[DATASET EXCERPTS]
###
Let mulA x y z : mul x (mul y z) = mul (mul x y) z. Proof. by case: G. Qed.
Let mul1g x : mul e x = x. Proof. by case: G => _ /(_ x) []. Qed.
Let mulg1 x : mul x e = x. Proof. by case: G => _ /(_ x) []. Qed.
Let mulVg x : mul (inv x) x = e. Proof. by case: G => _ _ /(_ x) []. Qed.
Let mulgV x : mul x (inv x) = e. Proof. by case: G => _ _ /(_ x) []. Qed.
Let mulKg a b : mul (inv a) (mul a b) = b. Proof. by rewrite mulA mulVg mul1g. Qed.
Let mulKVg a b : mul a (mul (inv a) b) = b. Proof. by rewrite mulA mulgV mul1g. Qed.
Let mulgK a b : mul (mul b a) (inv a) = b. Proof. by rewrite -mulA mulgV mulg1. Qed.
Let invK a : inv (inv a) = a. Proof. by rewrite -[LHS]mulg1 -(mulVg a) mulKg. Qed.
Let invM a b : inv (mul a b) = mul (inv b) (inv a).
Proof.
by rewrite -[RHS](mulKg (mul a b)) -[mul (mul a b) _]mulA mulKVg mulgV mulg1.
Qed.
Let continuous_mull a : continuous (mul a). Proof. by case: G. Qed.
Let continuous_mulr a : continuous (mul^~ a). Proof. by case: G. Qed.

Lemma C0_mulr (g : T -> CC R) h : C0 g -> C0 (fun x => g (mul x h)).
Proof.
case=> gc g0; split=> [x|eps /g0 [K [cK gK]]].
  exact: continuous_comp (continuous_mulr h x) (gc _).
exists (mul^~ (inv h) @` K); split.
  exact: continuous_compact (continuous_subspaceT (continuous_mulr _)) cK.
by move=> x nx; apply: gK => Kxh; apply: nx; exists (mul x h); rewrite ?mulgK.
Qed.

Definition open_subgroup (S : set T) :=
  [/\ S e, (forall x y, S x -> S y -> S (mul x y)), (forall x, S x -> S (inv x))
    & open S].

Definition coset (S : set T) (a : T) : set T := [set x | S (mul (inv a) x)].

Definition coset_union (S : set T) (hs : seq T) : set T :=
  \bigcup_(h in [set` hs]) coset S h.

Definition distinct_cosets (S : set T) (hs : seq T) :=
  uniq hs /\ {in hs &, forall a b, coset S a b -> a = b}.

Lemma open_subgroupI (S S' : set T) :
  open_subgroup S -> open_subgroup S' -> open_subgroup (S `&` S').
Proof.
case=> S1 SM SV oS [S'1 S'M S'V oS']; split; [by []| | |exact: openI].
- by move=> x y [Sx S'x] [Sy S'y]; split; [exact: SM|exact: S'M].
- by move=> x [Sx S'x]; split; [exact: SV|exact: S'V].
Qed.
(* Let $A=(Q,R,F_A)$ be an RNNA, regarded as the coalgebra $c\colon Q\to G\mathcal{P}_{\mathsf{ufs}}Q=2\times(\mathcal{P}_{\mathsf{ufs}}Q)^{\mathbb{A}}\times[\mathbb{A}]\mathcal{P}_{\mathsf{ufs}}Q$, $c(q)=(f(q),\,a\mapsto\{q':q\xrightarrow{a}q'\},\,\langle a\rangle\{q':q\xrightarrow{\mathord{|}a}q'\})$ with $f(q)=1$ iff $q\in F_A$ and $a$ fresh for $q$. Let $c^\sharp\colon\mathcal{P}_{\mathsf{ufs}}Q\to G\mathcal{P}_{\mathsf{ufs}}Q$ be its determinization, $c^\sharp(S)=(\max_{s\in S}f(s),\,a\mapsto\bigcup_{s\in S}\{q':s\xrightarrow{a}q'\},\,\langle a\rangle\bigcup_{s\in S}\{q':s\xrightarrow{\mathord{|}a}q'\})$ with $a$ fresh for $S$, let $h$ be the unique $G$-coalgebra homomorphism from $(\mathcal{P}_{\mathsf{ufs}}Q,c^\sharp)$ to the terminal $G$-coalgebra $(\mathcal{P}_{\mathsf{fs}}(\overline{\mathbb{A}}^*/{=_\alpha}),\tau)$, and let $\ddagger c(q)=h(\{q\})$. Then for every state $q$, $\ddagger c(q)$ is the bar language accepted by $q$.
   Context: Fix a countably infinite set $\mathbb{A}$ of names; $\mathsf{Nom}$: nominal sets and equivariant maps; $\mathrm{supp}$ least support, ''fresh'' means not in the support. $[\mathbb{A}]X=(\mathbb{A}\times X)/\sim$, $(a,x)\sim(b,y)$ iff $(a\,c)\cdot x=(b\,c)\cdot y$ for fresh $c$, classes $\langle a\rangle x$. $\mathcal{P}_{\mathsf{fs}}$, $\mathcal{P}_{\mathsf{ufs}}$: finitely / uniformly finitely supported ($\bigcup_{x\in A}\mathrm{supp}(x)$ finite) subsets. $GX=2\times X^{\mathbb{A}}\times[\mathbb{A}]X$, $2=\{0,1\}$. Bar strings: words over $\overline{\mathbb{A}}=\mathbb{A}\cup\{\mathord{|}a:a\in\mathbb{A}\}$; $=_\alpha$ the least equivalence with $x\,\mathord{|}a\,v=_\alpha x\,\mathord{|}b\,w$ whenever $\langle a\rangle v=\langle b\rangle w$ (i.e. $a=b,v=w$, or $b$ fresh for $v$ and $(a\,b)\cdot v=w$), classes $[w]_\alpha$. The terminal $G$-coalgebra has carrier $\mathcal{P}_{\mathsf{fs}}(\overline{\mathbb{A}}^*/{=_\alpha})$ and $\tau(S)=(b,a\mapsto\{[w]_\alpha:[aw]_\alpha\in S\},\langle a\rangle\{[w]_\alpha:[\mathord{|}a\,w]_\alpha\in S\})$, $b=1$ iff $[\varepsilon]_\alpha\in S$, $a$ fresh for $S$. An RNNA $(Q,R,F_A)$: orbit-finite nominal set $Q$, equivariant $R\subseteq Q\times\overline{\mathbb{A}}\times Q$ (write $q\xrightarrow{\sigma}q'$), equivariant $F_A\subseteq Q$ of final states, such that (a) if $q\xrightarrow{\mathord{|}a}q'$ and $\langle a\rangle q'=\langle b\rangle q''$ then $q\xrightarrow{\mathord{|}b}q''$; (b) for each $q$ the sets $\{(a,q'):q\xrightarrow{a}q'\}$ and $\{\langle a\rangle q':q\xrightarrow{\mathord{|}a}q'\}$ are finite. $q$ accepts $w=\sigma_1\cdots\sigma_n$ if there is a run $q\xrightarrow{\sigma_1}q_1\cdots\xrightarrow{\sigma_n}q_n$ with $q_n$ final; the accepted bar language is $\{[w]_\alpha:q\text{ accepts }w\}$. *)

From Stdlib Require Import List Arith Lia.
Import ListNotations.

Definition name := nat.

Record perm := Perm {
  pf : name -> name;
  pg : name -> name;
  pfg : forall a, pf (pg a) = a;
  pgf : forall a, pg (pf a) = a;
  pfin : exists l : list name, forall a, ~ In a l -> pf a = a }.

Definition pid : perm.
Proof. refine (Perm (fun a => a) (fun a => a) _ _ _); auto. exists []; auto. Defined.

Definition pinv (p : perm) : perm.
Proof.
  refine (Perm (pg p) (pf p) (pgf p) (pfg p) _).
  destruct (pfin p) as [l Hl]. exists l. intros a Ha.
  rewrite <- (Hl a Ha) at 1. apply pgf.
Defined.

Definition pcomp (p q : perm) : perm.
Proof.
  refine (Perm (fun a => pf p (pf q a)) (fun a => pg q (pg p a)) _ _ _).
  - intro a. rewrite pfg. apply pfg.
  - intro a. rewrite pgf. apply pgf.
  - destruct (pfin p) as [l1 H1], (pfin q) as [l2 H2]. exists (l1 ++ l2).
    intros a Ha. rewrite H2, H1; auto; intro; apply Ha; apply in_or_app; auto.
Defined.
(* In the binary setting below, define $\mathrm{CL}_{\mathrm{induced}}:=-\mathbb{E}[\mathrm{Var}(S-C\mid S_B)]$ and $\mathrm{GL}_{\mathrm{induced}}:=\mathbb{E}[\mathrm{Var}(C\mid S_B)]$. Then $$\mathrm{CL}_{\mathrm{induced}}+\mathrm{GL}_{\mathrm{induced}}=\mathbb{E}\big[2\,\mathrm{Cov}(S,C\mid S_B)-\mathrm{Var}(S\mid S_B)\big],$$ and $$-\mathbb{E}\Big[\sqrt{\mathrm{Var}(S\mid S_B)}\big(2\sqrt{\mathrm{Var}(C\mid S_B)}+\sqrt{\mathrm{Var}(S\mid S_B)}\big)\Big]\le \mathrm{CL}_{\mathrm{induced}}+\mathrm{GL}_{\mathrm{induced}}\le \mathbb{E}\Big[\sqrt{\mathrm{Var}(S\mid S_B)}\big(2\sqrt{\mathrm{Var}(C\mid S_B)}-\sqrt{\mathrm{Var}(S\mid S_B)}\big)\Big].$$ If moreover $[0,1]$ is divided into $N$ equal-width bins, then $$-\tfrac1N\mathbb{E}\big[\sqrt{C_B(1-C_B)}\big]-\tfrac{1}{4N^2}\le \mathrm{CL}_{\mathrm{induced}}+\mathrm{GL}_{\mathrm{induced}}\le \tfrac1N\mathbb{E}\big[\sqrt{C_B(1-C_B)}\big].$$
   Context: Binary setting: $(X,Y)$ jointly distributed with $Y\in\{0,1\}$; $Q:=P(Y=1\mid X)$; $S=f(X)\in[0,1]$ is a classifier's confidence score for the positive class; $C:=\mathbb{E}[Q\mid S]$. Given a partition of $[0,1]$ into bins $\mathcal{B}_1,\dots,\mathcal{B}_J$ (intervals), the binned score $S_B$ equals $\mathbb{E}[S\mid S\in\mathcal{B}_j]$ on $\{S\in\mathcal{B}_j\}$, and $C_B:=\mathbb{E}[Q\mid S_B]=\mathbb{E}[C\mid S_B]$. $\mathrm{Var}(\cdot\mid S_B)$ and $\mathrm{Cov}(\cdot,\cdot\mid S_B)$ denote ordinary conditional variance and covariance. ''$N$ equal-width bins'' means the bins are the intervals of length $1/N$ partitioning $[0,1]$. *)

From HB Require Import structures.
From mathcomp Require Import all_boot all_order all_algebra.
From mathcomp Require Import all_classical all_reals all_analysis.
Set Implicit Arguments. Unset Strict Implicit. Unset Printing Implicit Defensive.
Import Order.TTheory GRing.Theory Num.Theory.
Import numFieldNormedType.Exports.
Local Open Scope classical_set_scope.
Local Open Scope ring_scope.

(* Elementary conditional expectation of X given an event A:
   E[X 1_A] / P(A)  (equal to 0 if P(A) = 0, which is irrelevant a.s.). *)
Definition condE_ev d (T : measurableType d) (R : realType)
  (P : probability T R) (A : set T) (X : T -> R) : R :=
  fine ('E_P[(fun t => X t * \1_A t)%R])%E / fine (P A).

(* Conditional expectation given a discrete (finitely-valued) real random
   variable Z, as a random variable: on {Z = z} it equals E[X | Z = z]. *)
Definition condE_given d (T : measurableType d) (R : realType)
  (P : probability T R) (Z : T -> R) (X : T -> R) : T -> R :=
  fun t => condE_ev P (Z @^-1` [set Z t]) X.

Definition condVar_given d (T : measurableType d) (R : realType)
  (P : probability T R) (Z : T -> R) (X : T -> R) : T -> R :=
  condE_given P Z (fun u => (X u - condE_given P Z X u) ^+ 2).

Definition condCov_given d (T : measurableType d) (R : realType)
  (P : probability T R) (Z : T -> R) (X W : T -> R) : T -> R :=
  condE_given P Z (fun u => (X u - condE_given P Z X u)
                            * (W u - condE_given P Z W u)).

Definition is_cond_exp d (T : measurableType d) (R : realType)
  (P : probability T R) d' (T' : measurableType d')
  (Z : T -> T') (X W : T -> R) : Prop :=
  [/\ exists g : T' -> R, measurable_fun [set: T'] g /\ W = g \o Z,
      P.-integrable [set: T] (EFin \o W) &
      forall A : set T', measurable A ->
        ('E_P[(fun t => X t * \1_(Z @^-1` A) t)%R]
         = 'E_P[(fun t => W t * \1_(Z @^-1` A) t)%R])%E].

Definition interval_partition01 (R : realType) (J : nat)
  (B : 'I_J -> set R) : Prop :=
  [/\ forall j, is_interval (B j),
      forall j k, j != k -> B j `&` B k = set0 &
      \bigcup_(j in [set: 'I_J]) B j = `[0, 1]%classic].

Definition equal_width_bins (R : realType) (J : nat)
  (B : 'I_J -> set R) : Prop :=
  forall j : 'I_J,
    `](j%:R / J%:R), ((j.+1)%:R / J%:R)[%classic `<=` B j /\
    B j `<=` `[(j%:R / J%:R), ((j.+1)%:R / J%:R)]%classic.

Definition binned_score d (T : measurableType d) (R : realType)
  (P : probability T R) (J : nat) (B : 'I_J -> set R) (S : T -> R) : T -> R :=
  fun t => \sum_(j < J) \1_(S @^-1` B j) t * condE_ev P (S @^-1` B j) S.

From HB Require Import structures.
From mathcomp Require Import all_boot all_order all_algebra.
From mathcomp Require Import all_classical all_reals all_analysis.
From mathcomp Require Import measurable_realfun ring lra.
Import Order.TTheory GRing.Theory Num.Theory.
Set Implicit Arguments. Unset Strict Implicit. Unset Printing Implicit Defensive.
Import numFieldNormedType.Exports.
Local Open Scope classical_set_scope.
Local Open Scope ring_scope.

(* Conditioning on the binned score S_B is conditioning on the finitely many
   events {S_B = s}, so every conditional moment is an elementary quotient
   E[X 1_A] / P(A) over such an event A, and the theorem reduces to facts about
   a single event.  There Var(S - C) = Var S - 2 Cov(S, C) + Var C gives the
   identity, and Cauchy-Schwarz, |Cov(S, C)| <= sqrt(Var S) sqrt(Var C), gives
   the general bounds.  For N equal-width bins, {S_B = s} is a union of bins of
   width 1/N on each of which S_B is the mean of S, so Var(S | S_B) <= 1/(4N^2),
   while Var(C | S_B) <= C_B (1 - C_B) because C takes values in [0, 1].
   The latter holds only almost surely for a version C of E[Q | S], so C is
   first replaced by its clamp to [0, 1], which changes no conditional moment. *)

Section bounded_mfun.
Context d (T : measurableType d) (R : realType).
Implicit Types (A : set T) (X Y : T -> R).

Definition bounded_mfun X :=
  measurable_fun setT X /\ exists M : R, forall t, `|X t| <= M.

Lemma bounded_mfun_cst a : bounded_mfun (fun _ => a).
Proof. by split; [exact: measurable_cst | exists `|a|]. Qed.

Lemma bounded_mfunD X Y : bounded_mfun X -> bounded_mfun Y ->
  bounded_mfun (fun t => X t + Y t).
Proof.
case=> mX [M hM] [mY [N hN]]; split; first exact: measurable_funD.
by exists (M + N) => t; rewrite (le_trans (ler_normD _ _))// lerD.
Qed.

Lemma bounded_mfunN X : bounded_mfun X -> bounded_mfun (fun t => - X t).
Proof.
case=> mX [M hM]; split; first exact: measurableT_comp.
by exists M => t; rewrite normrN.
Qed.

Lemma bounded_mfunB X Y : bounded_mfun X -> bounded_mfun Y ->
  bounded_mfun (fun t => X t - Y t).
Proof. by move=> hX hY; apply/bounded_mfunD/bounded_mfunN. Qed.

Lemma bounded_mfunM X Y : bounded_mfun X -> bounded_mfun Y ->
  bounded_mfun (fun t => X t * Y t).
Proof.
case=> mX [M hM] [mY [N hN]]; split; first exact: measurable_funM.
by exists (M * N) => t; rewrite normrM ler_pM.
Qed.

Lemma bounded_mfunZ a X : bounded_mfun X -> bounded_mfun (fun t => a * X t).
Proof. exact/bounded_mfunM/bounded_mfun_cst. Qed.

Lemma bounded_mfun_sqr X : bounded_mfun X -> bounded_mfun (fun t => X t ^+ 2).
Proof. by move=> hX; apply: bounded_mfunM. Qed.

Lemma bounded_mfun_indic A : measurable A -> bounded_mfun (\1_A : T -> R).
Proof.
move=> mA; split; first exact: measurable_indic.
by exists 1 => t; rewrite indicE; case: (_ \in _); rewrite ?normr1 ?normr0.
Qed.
###
Exact reproduction of the lines from the top of the material through the line where "Let mulgV x" appears is required, both boundary lines included, with no other output.

Let mulA x y z : mul x (mul y z) = mul (mul x y) z. Proof. by case: G. Qed.
Let mul1g x : mul e x = x. Proof. by case: G => _ /(_ x) []. Qed.
Let mulg1 x : mul x e = x. Proof. by case: G => _ /(_ x) []. Qed.
Let mulVg x : mul (inv x) x = e. Proof. by case: G => _ _ /(_ x) []. Qed.
Let mulgV x : mul x (inv x) = e. Proof. by case: G => _ _ /(_ x) []. Qed.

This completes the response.